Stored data
(* Let $p$ be a prime and $k,\ell$ integers with $k>0$, $\ell\ge0$; put $q=p^k$ and $Q=p^{\ell}$. Let $c\in\mathbb{F}_{q^3}$ and define \[ f(X)=(X^q-X)^3+c^{q^2}X^{q^2Q}+c^qX^{qQ}+cX^{Q}, \] i.e. $f(X)=X^3\circ(X^q-X)+(X^{q^2}+X^q+X)\circ cX^Q$. Then $f(X)$ permutes $\mathbb{F}_{q^3}$ if and only if $q\equiv 2\pmod 3$ and $c^{q^2}+c^q+c\ne 0$.
   Context: A polynomial permutes $\mathbb{F}_{q^3}$ if the induced map $\mathbb{F}_{q^3}\to\mathbb{F}_{q^3}$ is a bijection. *)

From mathcomp Require Import all_boot all_order all_algebra all_field.
Set Implicit Arguments. Unset Strict Implicit. Unset Printing Implicit Defensive.
Import GRing.Theory.
Local Open Scope ring_scope.

Definition f_poly (F : comNzRingType) (q Q : nat) (c : F) : {poly F} :=
  ('X^q - 'X) ^+ 3 + (c ^+ (q ^ 2)%N)%:P * 'X^(q ^ 2 * Q)
  + (c ^+ q)%:P * 'X^(q * Q) + c%:P * 'X^Q.

Definition permutes_poly (F : finFieldType) (P : {poly F}) : Prop :=
  bijective (fun x : F => P.[x]).

From mathcomp Require Import all_boot all_order all_algebra all_field.
From mathcomp Require Import zify ring.
Set Implicit Arguments. Unset Strict Implicit. Unset Printing Implicit Defensive.
Import GRing.Theory.
Local Open Scope ring_scope.

(* Write sigma x = x^q, Tr = sigma^2 + sigma + 1 and L x = sigma x - x, so that
   f(x) = L(x)^3 + Tr(c x^Q) and f(x + a) = f(x) + a^Q Tr(c) for a in F_q; hence
   Tr(c) <> 0 is necessary.  If 3 | q, cubing is additive and Tr o f = 0, so f is
   not onto.  If q = 1 (mod 3), F_q contains a cube root of unity w <> 1; then
   L(w x)^3 = L(x)^3, so f(x) - f(w x) lies in F_q and a translate of w x by F_q
   collides with x.  If q = 2 (mod 3), cubing is injective on F_(q^3).  Every
   y = L(x) has trace 0, so y^3 + e2(y) y = N(y) with e2(y), N(y) in F_q; thus
   f(x) = f(x') makes e2(y) y - e2(y') y' an element of F_q of trace 0, i.e. 0.
   This forces y = y' (the ratio e2(y) / e2(y') lies in F_q and its cube is 1),
   so x - x' lies in F_q and the translation formula gives x = x'. *)

Lemma size_XnsubX (R : nzRingType) n : (1 < n)%N -> size ('X^n - 'X : {poly R}) = n.+1.
Proof. by move=> n_gt1; rewrite size_polyDl size_polyXn // size_polyN size_polyX. Qed.

Section FinField.
Variable F : finFieldType.

Lemma exists_nonroot (P : {poly F}) :
  P != 0 -> (size P <= #|F|)%N -> exists x, ~~ root P x.
Proof.
move=> P0 szP; apply/existsP; rewrite -negb_forall; apply/forallP => rootsP.
have /max_poly_roots : all (root P) (enum F) by apply/allP => x _; apply: rootsP.
by move=> /(_ P0 (enum_uniq _)); rewrite -cardE ltnNge szP.
Qed.

Lemma cubef_inj : (#|F| %% 3 = 2)%N -> injective (fun x : F => x ^+ 3).
Proof.
move=> F_mod3; pose m := (#|F| %/ 3)%N.
have cube_root (x : F) : (x ^+ 3) ^+ (2 * m + 1) = x.
  have : (3 * (2 * m + 1) = #|F| + #|F|.-1)%N.
    by have := finNzRing_gt1 F; rewrite [in RHS](divn_eq #|F| 3) F_mod3 -/m; lia.
  rewrite -exprM => ->; rewrite exprD expf_card -[in RHS](expf_card x).
  by rewrite -{2}(ltn_predK (finNzRing_gt1 F)) exprS.
by move=> x y /= /(congr1 (fun z => z ^+ (2 * m + 1))); rewrite !cube_root.
Qed.

Lemma exists_cube_root1 : (#|F| %% 3 = 1)%N -> exists2 w : F, w ^+ 3 = 1 & w != 1.
Proof.
move=> F_mod3; pose m := (#|F| %/ 3)%N.
have F_eq : #|F| = (3 * m).+1.
  by rewrite [LHS](divn_eq #|F| 3) F_mod3 -/m; lia.
have m_gt0 : (0 < m)%N.
  by have := finNzRing_gt1 F; rewrite F_eq; case: (m).
have szP : size ('X^(m.+1) - 'X : {poly F}) = m.+2 by rewrite size_XnsubX.
have [x] : exists x : F, ~~ root ('X^(m.+1) - 'X) x.
  by apply: exists_nonroot; rewrite -?size_poly_eq0 szP // F_eq; lia.
rewrite rootE !hornerE subr_eq0 => xm1_neq_x.
have x_neq0 : x != 0 by apply: contraNneq xm1_neq_x => ->; rewrite expr0n.
exists (x ^+ m); last by apply: contraNneq xm1_neq_x => xm1; rewrite exprSr xm1 mul1r.
apply: (mulIf x_neq0); rewrite mul1r -exprM -exprSr mulnC -F_eq.
exact: expf_card.
Qed.

End FinField.

Section Frobenius.
Variables (F : fieldType) (p : nat).

Definition frob n (x : F) := x ^+ (p ^ n).

Lemma frobM n : {morph frob n : x y / x * y}.
Proof. by move=> x y; rewrite /frob exprMn. Qed.

Lemma frobV n : {morph frob n : x / x^-1}.
Proof. by move=> x; rewrite /frob exprVn. Qed.

Lemma frobX n x m : frob n (x ^+ m) = frob n x ^+ m.
Proof. exact: exprAC. Qed.

Lemma frobC m n x : frob m (frob n x) = frob n (frob m x).
Proof. exact: exprAC. Qed.

Hypothesis pcharFp : p \in [pchar F].

Lemma pchar_nat_pX n : [pchar F].-nat (p ^ n)%N.
Proof.
by rewrite (eq_pnat _ (pcharf_eq pcharFp)) pnatX pnat_id ?(pcharf_prime pcharFp).
Qed.

Lemma frobD n : {morph frob n : x y / x + y}.
Proof. by move=> x y; apply: exprDn_pchar; apply: pchar_nat_pX. Qed.

Lemma frobN n : {morph frob n : x / - x}.
Proof. by move=> x; apply: exprNn_pchar; apply: pchar_nat_pX. Qed.

Lemma frobB n : {morph frob n : x y / x - y}.
Proof. by move=> x y; rewrite frobD frobN. Qed.

Lemma frob_inj n : injective (frob n).
Proof.
move=> x y /eqP; rewrite -subr_eq0 -frobB /frob expf_eq0 subr_eq0.
by case/andP=> _ /eqP.
Qed.

End Frobenius.

Section CubicExtension.
Variables (F : finFieldType) (p k : nat).
Hypotheses (p_pr : prime p) (card_F : #|F| = ((p ^ k) ^ 3)%N).

Local Notation q := (p ^ k)%N.

Lemma pchar_F : p \in [pchar F].
Proof. by apply: (@card_finPcharP F p (k * 3)); rewrite // expnM. Qed.

Lemma q_gt1 : (1 < q)%N.
Proof. by have := finNzRing_gt1 F; rewrite card_F; case: q => [|[|n]]. Qed.

Lemma natf3_eq0 : (3%:R == 0 :> F) = (3 %| q)%N.
Proof.
have k_gt0 : (0 < k)%N by rewrite lt0n; apply: contraTneq q_gt1 => ->.
by rewrite -(dvdn_pcharf pchar_F) Euclid_dvdX // k_gt0 andbT !dvdn_prime2 // eq_sym.
Qed.

Local Notation sigma := (@frob F p k).

Lemma sigmaK3 x : sigma (sigma (sigma x)) = x.
Proof.
by rewrite /frob -!exprM -[RHS]expf_card card_F !expnS expn0 muln1.
Qed.

(* The fixed field of [sigma] is F_q; [tr], [esym2] and [nrm] are the coefficients
   of the characteristic polynomial over F_q. *)
Definition tr x := sigma (sigma x) + sigma x + x.
Definition nrm x := x * sigma x * sigma (sigma x).
Definition esym2 x := x * sigma x + sigma x * sigma (sigma x) + sigma (sigma x) * x.
Definition delta x := sigma x - x.

Lemma trE x : tr x = x ^+ (q ^ 2) + x ^+ q + x.
Proof. by rewrite /tr /frob -exprM mulnn. Qed.

Lemma sigma_tr x : sigma (tr x) = tr x.
Proof. by rewrite /tr !(frobD pchar_F) /= sigmaK3; ring. Qed.

Lemma sigma_nrm x : sigma (nrm x) = nrm x.
Proof. by rewrite /nrm !frobM sigmaK3; ring. Qed.

Lemma sigma_esym2 x : sigma (esym2 x) = esym2 x.
Proof. by rewrite /esym2 !(frobD pchar_F) !frobM sigmaK3; ring. Qed.

Lemma trD x y : tr (x + y) = tr x + tr y.
Proof. by rewrite /tr !(frobD pchar_F); ring. Qed.

Lemma trB x y : tr (x - y) = tr x - tr y.
Proof. by rewrite /tr !(frobB pchar_F); ring. Qed.

Lemma trMl a x : sigma a = a -> tr (a * x) = a * tr x.
Proof. by move=> fix_a; rewrite /tr !frobM !fix_a; ring. Qed.

Lemma tr_fixed a : sigma a = a -> tr a = 3%:R * a.
Proof. by move=> fix_a; rewrite /tr !fix_a; ring. Qed.

Lemma tr_delta x : tr (delta x) = 0.
Proof. by rewrite /tr /delta !(frobB pchar_F) sigmaK3; ring. Qed.

Lemma esym2Ml a x : sigma a = a -> esym2 (a * x) = a ^+ 2 * esym2 x.
Proof. by move=> fix_a; rewrite /esym2 !frobM !fix_a; ring. Qed.

Lemma cubic_tr0 y : tr y = 0 -> y ^+ 3 + esym2 y * y = nrm y.
Proof.
move=> tr_y0; have sigma2y : sigma (sigma y) = - (sigma y + y).
  by apply/eqP; rewrite -addr_eq0 addrA; apply/eqP.
by rewrite /esym2 /nrm sigma2y; ring.
Qed.

Lemma delta_eq0 x : (delta x == 0) = (sigma x == x).
Proof. exact: subr_eq0. Qed.

Lemma deltaB x y : delta (x - y) = delta x - delta y.
Proof. by rewrite /delta (frobB pchar_F); ring. Qed.

Lemma deltaDr x a : sigma a = a -> delta (x + a) = delta x.
Proof. by move=> fix_a; rewrite /delta (frobD pchar_F) fix_a; ring. Qed.

Lemma fixed_frob l a : sigma a = a -> sigma (frob p l a) = frob p l a.
Proof. by move=> fix_a; rewrite frobC fix_a. Qed.

Section InjectiveCase.
Hypothesis q_mod3 : (q %% 3 = 2)%N.

Lemma card_F_mod3 : (#|F| %% 3 = 2)%N.
Proof. by rewrite card_F -modnXm q_mod3. Qed.

Lemma fixed_tr0_eq0 a : sigma a = a -> tr a = 0 -> a = 0.
Proof.
have nz3 : 3%:R != 0 :> F by rewrite natf3_eq0 /dvdn q_mod3.
by move=> fix_a; rewrite tr_fixed // => /eqP; rewrite mulf_eq0 (negbTE nz3) => /eqP.
Qed.

Lemma fixed_of_fixed_cube y : sigma (y ^+ 3) = y ^+ 3 -> sigma y = y.
Proof. by rewrite frobX => /(cubef_inj card_F_mod3). Qed.

Lemma esym2_tr0_eq0 y : tr y = 0 -> esym2 y = 0 -> y = 0.
Proof.
move=> tr_y0 esym2_y0; have := cubic_tr0 tr_y0.
rewrite esym2_y0 mul0r addr0 => y3.
by apply: fixed_tr0_eq0 tr_y0; apply: fixed_of_fixed_cube; rewrite y3 sigma_nrm.
Qed.

Lemma esym2_mul_tr0_eq0 y : tr y = 0 -> (esym2 y * y == 0) = (y == 0).
Proof.
move=> tr_y0; apply/idP/idP => [|/eqP ->]; last by rewrite mulr0.
by rewrite mulf_eq0 => /orP[/eqP/(esym2_tr0_eq0 tr_y0) -> |].
Qed.

Lemma esym2_mul_tr0_inj y y' :
  tr y = 0 -> tr y' = 0 -> esym2 y * y = esym2 y' * y' -> y = y'.
Proof.
move=> tr_y0 tr_y'0 eq_yy'.
have [y0 | nz_y] := eqVneq y 0.
  by move/esym/eqP: eq_yy'; rewrite y0 mulr0 esym2_mul_tr0_eq0 // => /eqP ->.
have nz_y' : y' != 0.
  by apply: contra nz_y => /eqP y'0; rewrite -esym2_mul_tr0_eq0 // eq_yy' y'0 mulr0.
have nz_esym2 u : tr u = 0 -> u != 0 -> esym2 u != 0.
  by move=> tr_u0; apply: contra => /eqP/(esym2_tr0_eq0 tr_u0) ->.
pose r := esym2 y / esym2 y'.
have fix_r : sigma r = r by rewrite frobM frobV !sigma_esym2.
have y'E : y' = r * y.
  apply: (mulfI (nz_esym2 _ tr_y'0 nz_y')).
  by rewrite -eq_yy' /r; field; apply: nz_esym2.
have r3 : r ^+ 3 = 1 ^+ 3.
  apply: (mulIf (_ : esym2 y * y != 0)); first by rewrite esym2_mul_tr0_eq0.
  by rewrite expr1n mul1r {2}eq_yy' y'E esym2Ml //; ring.
by rewrite y'E (cubef_inj card_F_mod3 r3) mul1r.
Qed.

Lemma tr0_eq_of_fixed_cubeB y y' : tr y = 0 -> tr y' = 0 ->
  sigma (y ^+ 3 - y' ^+ 3) = y ^+ 3 - y' ^+ 3 -> y = y'.
Proof.
move=> tr_y0 tr_y'0 fix_cubeB; apply: esym2_mul_tr0_inj => //.
apply/eqP; rewrite -subr_eq0; apply/eqP; apply: fixed_tr0_eq0.
  rewrite (_ : _ - _ = nrm y - nrm y' - (y ^+ 3 - y' ^+ 3)).
    by rewrite (frobB pchar_F) fix_cubeB (frobB pchar_F) !sigma_nrm.
  by rewrite -(cubic_tr0 tr_y0) -(cubic_tr0 tr_y'0); ring.
by rewrite trB !trMl ?sigma_esym2 // tr_y0 tr_y'0 !mulr0 subr0.
Qed.

End InjectiveCase.

Lemma exists_tr_neq0 : exists z, tr z != 0.
Proof.
have q_lt_q2 : (q < q ^ 2)%N by rewrite -{1}(expn1 q) ltn_exp2l ?q_gt1.
have szP : size ('X^(q ^ 2) + 'X^q + 'X : {poly F}) = (q ^ 2).+1.
  rewrite -addrA size_polyDl size_polyXn // size_polyDl size_polyXn ?ltnS //.
  by rewrite size_polyX; apply: q_gt1.
have [z] : exists z : F, ~~ root ('X^(q ^ 2) + 'X^q + 'X) z.
  by apply: exists_nonroot; rewrite -?size_poly_eq0 szP // card_F ltn_exp2l ?q_gt1.
by rewrite rootE !hornerE -trE; exists z.
Qed.

Lemma exists_nonfixed : exists x, sigma x != x.
Proof.
have [x] : exists x : F, ~~ root ('X^q - 'X) x.
  apply: exists_nonroot; rewrite -?size_poly_eq0 size_XnsubX ?q_gt1 // card_F.
  by rewrite -{1}(expn1 q) ltn_exp2l ?q_gt1.
by rewrite rootE !hornerE subr_eq0; exists x.
Qed.

Section Polynomial.
Variables (l : nat) (c : F).
Local Notation f := (f_poly q (p ^ l)%N c).

Lemma horner_f x : f.[x] = delta x ^+ 3 + tr (c * frob p l x).
Proof.
rewrite trE /f_poly !hornerE /delta /frob !exprMn -!exprM.
by rewrite [(q ^ 2 * _)%N]mulnC [(q * _)%N]mulnC.
Qed.

Lemma horner_f_shift x a : sigma a = a -> f.[x + a] = f.[x] + frob p l a * tr c.
Proof.
move=> fix_a; rewrite !horner_f deltaDr // (frobD pchar_F) mulrDr trD.
by rewrite [c * frob p l a]mulrC (trMl _ (fixed_frob l fix_a)); ring.
Qed.

Lemma sigma_horner_f_sub x : sigma (f.[x] - delta x ^+ 3) = f.[x] - delta x ^+ 3.
Proof. by rewrite horner_f addrAC subrr add0r sigma_tr. Qed.

Lemma f_inj_mod3_2 : (q %% 3 = 2)%N -> tr c != 0 -> injective (fun x => f.[x]).
Proof.
move=> q_mod3 nz_trc x x' /= eq_f.
have fix_xB : sigma (x - x') = x - x'.
  apply/eqP; rewrite -delta_eq0 deltaB subr_eq0; apply/eqP.
  apply: (tr0_eq_of_fixed_cubeB q_mod3); rewrite ?tr_delta //.
  have -> : delta x ^+ 3 - delta x' ^+ 3
            = (f.[x'] - delta x' ^+ 3) - (f.[x] - delta x ^+ 3) by rewrite eq_f; ring.
  by rewrite (frobB pchar_F) !sigma_horner_f_sub.
have := horner_f_shift x' fix_xB; rewrite addrC subrK eq_f => /eqP.
rewrite -subr_eq0 opprD addrA subrr add0r oppr_eq0 mulf_eq0 (negbTE nz_trc) orbF.
by rewrite (frobB pchar_F) subr_eq0 => /eqP/(frob_inj pchar_F).
Qed.

Lemma f_inj_tr_neq0 : injective (fun x => f.[x]) -> tr c != 0.
Proof.
move=> f_inj; apply/eqP => trc0; have := horner_f_shift 0 (expr1n F q).
by rewrite trc0 mulr0 addr0 add0r => /f_inj/eqP; rewrite oner_eq0.
Qed.

Lemma f_not_bij_dvd3 : (3 %| q)%N -> ~ bijective (fun x => f.[x]).
Proof.
move=> q_div3 [g _ gK].
have pchar3 : 3 \in [pchar F] by rewrite inE natf3_eq0 q_div3.
have cubeD (u v : F) : (u + v) ^+ 3 = u ^+ 3 + v ^+ 3.
  by apply: exprDn_pchar; rewrite (eq_pnat _ (pcharf_eq pchar3)) pnat_id.
have tr_cube (u : F) : tr (u ^+ 3) = tr u ^+ 3 by rewrite /tr !cubeD -!frobX.
have tr_f x : tr f.[x] = 0.
  rewrite horner_f trD tr_cube tr_delta (tr_fixed (sigma_tr _)).
  by rewrite (pcharf0 pchar3) mul0r expr0n addr0.
by have [z] := exists_tr_neq0; rewrite -[z]gK tr_f eqxx.
Qed.

Lemma f_not_inj_mod3_1 : (q %% 3 = 1)%N -> tr c != 0 -> ~ injective (fun x => f.[x]).
Proof.
move=> q_mod3 nz_trc f_inj.
have [w w3 w_neq1] : exists2 w : F, w ^+ 3 = 1 & w != 1.
  by apply: exists_cube_root1; rewrite card_F -modnXm q_mod3.
have fix_w : sigma w = w by rewrite /frob -(expr_mod _ w3) q_mod3.
have [x1 nfix_x1] := exists_nonfixed.
pose x2 := w * x1.
have delta_x2 : delta x2 = w * delta x1 by rewrite /delta /x2 frobM fix_w; ring.
pose d := f.[x1] - f.[x2].
have fix_d : sigma (d / tr c) = d / tr c.
  rewrite frobM frobV sigma_tr; congr (_ / _).
  have -> : d = (f.[x1] - delta x1 ^+ 3) - (f.[x2] - delta x2 ^+ 3).
    by rewrite delta_x2 exprMn w3 mul1r /d; ring.
  by rewrite (frobB pchar_F) !sigma_horner_f_sub.
have [root _ rootK] := injF_bij (frob_inj pchar_F (n := l)).
pose a := root (d / tr c).
have fix_a : sigma a = a.
  by apply: (frob_inj pchar_F (n := l)); rewrite frobC /a rootK fix_d.
have := horner_f_shift x2 fix_a; rewrite /a rootK divfK // /d [RHS]addrC subrK.
move=> /f_inj /(congr1 delta); rewrite deltaDr // delta_x2 => /eqP.
rewrite -subr_eq0 -{2}(mul1r (delta x1)) -mulrBl mulf_eq0 subr_eq0 (negbTE w_neq1) /=.
by rewrite delta_eq0 (negbTE nfix_x1).
Qed.

End Polynomial.

End CubicExtension.

Theorem theorem1p8 (F : finFieldType) (p k l : nat) (c : F) :
  prime p -> (0 < k)%N -> #|F| = ((p ^ k) ^ 3)%N ->
  permutes_poly (f_poly (p ^ k)%N (p ^ l)%N c) <->
  ((p ^ k) %% 3 = 2)%N /\ c ^+ ((p ^ k) ^ 2)%N + c ^+ (p ^ k)%N + c != 0.
Proof.
(* [0 < k] follows from [1 < #|F|]. *)
move=> p_pr _ card_F; rewrite -(trE p k) /permutes_poly.
split=> [f_bij | [q_mod3 nz_trc]]; last exact/injF_bij/(f_inj_mod3_2 p_pr card_F).
have f_inj := bij_inj f_bij; have nz_trc := f_inj_tr_neq0 p_pr card_F f_inj.
split=> //; have := ltn_mod (p ^ k) 3.
case q_mod3 : (p ^ k %% 3)%N => [|[|[|//]]] _ //.
- by case: (f_not_bij_dvd3 p_pr card_F _ f_bij); rewrite /dvdn q_mod3.
- by case: (f_not_inj_mod3_1 p_pr card_F q_mod3 nz_trc f_inj).
Qed.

» **WORK TO COMPLETE**: Could you reproduce exactly the lines of the entries above, from the one with "Lemma esym2_tr0_eq0 y" through the one with "by rewrite -eq_yy'", and nothing else?

» **RESULT BELOW**:
Lemma esym2_tr0_eq0 y : tr y = 0 -> esym2 y = 0 -> y = 0.
Proof.
move=> tr_y0 esym2_y0; have := cubic_tr0 tr_y0.
rewrite esym2_y0 mul0r addr0 => y3.
by apply: fixed_tr0_eq0 tr_y0; apply: fixed_of_fixed_cube; rewrite y3 sigma_nrm.
Qed.

Lemma esym2_mul_tr0_eq0 y : tr y = 0 -> (esym2 y * y == 0) = (y == 0).
Proof.
move=> tr_y0; apply/idP/idP => [|/eqP ->]; last by rewrite mulr0.
by rewrite mulf_eq0 => /orP[/eqP/(esym2_tr0_eq0 tr_y0) -> |].
Qed.

Lemma esym2_mul_tr0_inj y y' :
  tr y = 0 -> tr y' = 0 -> esym2 y * y = esym2 y' * y' -> y = y'.
Proof.
move=> tr_y0 tr_y'0 eq_yy'.
have [y0 | nz_y] := eqVneq y 0.
  by move/esym/eqP: eq_yy'; rewrite y0 mulr0 esym2_mul_tr0_eq0 // => /eqP ->.
have nz_y' : y' != 0.
  by apply: contra nz_y => /eqP y'0; rewrite -esym2_mul_tr0_eq0 // eq_yy' y'0 mulr0.
have nz_esym2 u : tr u = 0 -> u != 0 -> esym2 u != 0.
  by move=> tr_u0; apply: contra => /eqP/(esym2_tr0_eq0 tr_u0) ->.
pose r := esym2 y / esym2 y'.
have fix_r : sigma r = r by rewrite frobM frobV !sigma_esym2.
have y'E : y' = r * y.
  apply: (mulfI (nz_esym2 _ tr_y'0 nz_y')).
  by rewrite -eq_yy' /r; field; apply: nz_esym2.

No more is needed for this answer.